I succeeded in building a decent-quality and well-functioning, if not exceptional, website with most of the features I wanted: dynamic page-refreshing menus, interfaces with Yelp and Google Maps, and a bunch of different content filters. However, by the time school resumed in September, we had not gotten a large user base (we showed the site to friends and family, but didn’t get viral takeoff) or real interest from investment groups, so we decided to drop the project.

Can you share a memorable anecdote from your life that will give us a further sense of what makes you tick?

When I was in high school, I met a friend of mine named Michael Anissimov, who ran a popular technology blog. He thought I was a good writer, and I needed money, so he offered me a part-time job writing science articles for a website called WiseGeek. I had fun writing the articles, and after I had written about a dozen of them, he offered to send me my pay, which came to about $100. This created the interesting problem of how to actually send me the money.
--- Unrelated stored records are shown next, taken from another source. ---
Lemma cauchy_schwarz (I : finType) (P : pred I) (a b : I -> R) :
  (\sum_(i | P i) a i * b i) ^+ 2 <=
  (\sum_(i | P i) a i ^+ 2) * (\sum_(i | P i) b i ^+ 2).
Proof.
have lagrange : \sum_(i | P i) \sum_(j | P j) (a i * b j - a j * b i) ^+ 2 =
    2 * ((\sum_(i | P i) a i ^+ 2) * (\sum_(i | P i) b i ^+ 2)
         - (\sum_(i | P i) a i * b i) ^+ 2).
  have sqr_expand i j : (a i * b j - a j * b i) ^+ 2 =
      a i ^+ 2 * b j ^+ 2 + b i ^+ 2 * a j ^+ 2 - 2 * (a i * b i) * (a j * b j).
    by ring.
  under eq_bigr => i _ do under eq_bigr => j _ do rewrite sqr_expand.
  under eq_bigr => i _ do rewrite sumrB big_split /= -!mulr_sumr.
  by rewrite sumrB big_split /= -!mulr_suml -mulr_sumr; ring.
have : 0 <= \sum_(i | P i) \sum_(j | P j) (a i * b j - a j * b i) ^+ 2.
  by do 2![apply: sumr_ge0 => ? _]; apply: sqr_ge0.
by rewrite lagrange; lra.
Qed.

Lemma sum_pair_subr_mul (I : finType) (P : pred I) (a b : I -> R) :
  \sum_(j | P j) \sum_(k | P k) (a j - a k) * (b j - b k) =
  2 * (#|P|%:R * \sum_(j | P j) a j * b j - (\sum_(j | P j) a j) * \sum_(j | P j) b j).
Proof.
have expand j k : (a j - a k) * (b j - b k) = a j * b j - a j * b k - a k * b j + a k * b k.
  by ring.
under eq_bigr => j _ do under eq_bigr => k _ do rewrite expand.
under eq_bigr => j _ do rewrite !big_split !sumrN /= -!mulr_sumr -!mulr_suml sumr_const.
rewrite !big_split !sumrN /= -!mulr_suml -!mulr_sumr sumr_const.
under eq_bigr do rewrite mulrnAr.
by rewrite sumrMnl -(mulr_natl (\sum_(i | P i) a i * b i)); ring.
Qed.

Lemma centered_cauchy_schwarz (I : finType) (P : pred I) (a b : I -> R) :
  (#|P|%:R * \sum_(j | P j) a j * b j - (\sum_(j | P j) a j) * \sum_(j | P j) b j) ^+ 2 <=
  (#|P|%:R * \sum_(j | P j) a j ^+ 2 - (\sum_(j | P j) a j) ^+ 2) *
  (#|P|%:R * \sum_(j | P j) b j ^+ 2 - (\sum_(j | P j) b j) ^+ 2).
Proof.
have sqr_pair (c : I -> R) : \sum_(j | P j) \sum_(k | P k) (c j - c k) ^+ 2 =
    2 * (#|P|%:R * \sum_(j | P j) c j ^+ 2 - (\sum_(j | P j) c j) ^+ 2).
  under eq_bigr => j _ do under eq_bigr => k _ do rewrite expr2.
  under [in RHS]eq_bigr => j _ do rewrite expr2.
  by rewrite sum_pair_subr_mul expr2.
have pair_mul (c e : I -> R) := pair_big_dep P (fun=> P) (fun j k => (c j - c k) * (e j - e k)).
have pair_sqr (c : I -> R) := pair_big_dep P (fun=> P) (fun j k => (c j - c k) ^+ 2).
have := cauchy_schwarz (fun jk : I * I => P jk.1 && P jk.2)
  (fun jk => a jk.1 - a jk.2) (fun jk => b jk.1 - b jk.2).
rewrite /= in pair_mul pair_sqr.
rewrite -pair_mul -!pair_sqr sum_pair_subr_mul !sqr_pair.
nra.
Qed.

Lemma sum_sqr_mul_sumB_le (I : finType) (P : pred I) (a b : I -> R) :
  \sum_(j | P j) (b j * \sum_(k | P k) a k - a j * \sum_(k | P k) b k) ^+ 2 <=
  #|P|%:R * (\sum_(j | P j) a j ^+ 2) * (\sum_(j | P j) b j ^+ 2).
Proof.
have [/card0_eq P0|P_gt0] := posnP #|P|.
  by rewrite big_pred0 ?mulr_ge0 ?sumr_ge0 // => j; rewrite ?sqr_ge0 ?P0.
have := centered_cauchy_schwarz P a b.
set p := \sum_(k | P k) a k; set q := \sum_(k | P k) b k.
set A := \sum_(j | P j) a j ^+ 2; set B := \sum_(j | P j) b j ^+ 2.
set X := \sum_(j | P j) a j * b j; set m := #|P|%:R.
have -> : \sum_(j | P j) (b j * p - a j * q) ^+ 2 = p ^+ 2 * B - 2 * p * q * X + q ^+ 2 * A.
  have expand j : (b j * p - a j * q) ^+ 2 =
      p ^+ 2 * b j ^+ 2 - 2 * p * q * (a j * b j) + q ^+ 2 * a j ^+ 2 by ring.
  by under eq_bigr do rewrite expand; rewrite big_split sumrB /= -!mulr_sumr.
move=> centered.
have m0 : 0 < m by rewrite ltr0n.
(* Expanded, the centered inequality is exactly m times this one. *)
have : m * (p ^+ 2 * B - 2 * p * q * X + q ^+ 2 * A) <= m * (m * A * B - m * X ^+ 2).
  by lra.
rewrite ler_pM2l // => le_cross.
have : 0 <= m * X ^+ 2 by rewrite mulr_ge0 ?sqr_ge0 ?ltW.
lra.
Qed.

End FiniteSums.

Lemma sqrt_sum_sqrD_le (R : rcfType) (I : finType) (P : pred I) (a b : I -> R) :
  Num.sqrt (\sum_(i | P i) (a i + b i) ^+ 2) <=
  Num.sqrt (\sum_(i | P i) a i ^+ 2) + Num.sqrt (\sum_(i | P i) b i ^+ 2).
Proof.
have -> : \sum_(i | P i) (a i + b i) ^+ 2 =
    \sum_(i | P i) a i ^+ 2 + 2 * \sum_(i | P i) a i * b i + \sum_(i | P i) b i ^+ 2.
  by rewrite mulr_sumr -!big_split /=; apply: eq_bigr => i _; ring.
set A := \sum_(i | P i) a i ^+ 2; set B := \sum_(i | P i) b i ^+ 2.
have A0 : 0 <= A by rewrite sumr_ge0 // => i _; apply: sqr_ge0.
have B0 : 0 <= B by rewrite sumr_ge0 // => i _; apply: sqr_ge0.
have le_cross : \sum_(i | P i) a i * b i <= Num.sqrt A * Num.sqrt B.
  apply: (le_trans (ler_norm _)).
  by rewrite -sqrtr_sqr -sqrtrM // ler_sqrt ?mulr_ge0 //; apply: cauchy_schwarz.
rewrite -[leRHS]ger0_norm ?addr_ge0 ?sqrtr_ge0 // -sqrtr_sqr ler_sqrt ?sqr_ge0 //.
by rewrite sqrrD !sqr_sqrtr //; lra.
Qed.

Section Frobenius.
Variable R : realType.

Lemma frob_ge0 p q (A : 'M[R]_(p, q)) : 0 <= frob A.
Proof. exact: sqrtr_ge0. Qed.

Lemma sqr_frob p q (A : 'M[R]_(p, q)) :
  frob A ^+ 2 = \sum_(i < p) \sum_(j < q) A i j ^+ 2.
Proof. by rewrite sqr_sqrtr // sumr_ge0 // => i _; rewrite sumr_ge0 // => j _; apply: sqr_ge0. Qed.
Since I was under 18, I couldn’t get a bank account, and since I didn’t have a bank account or credit card, I couldn’t make withdrawals from my PayPal account.

The solution we came up with was that I would walk down to the local post office, about five miles away, and open up a PO Box for myself. The Post Office allowed minors to open boxes, so I printed out the necessary forms and tried to walk down there. The first time I had to turn back, because I left a little before rush hour and couldn’t find a way to cross a freeway interchange without getting run over. The second time I left on Saturday, made it through, and opened the box; the third time I found an envelope with the $100 in it waiting for me. It took about ten hours altogether, but I managed to find a way to do it.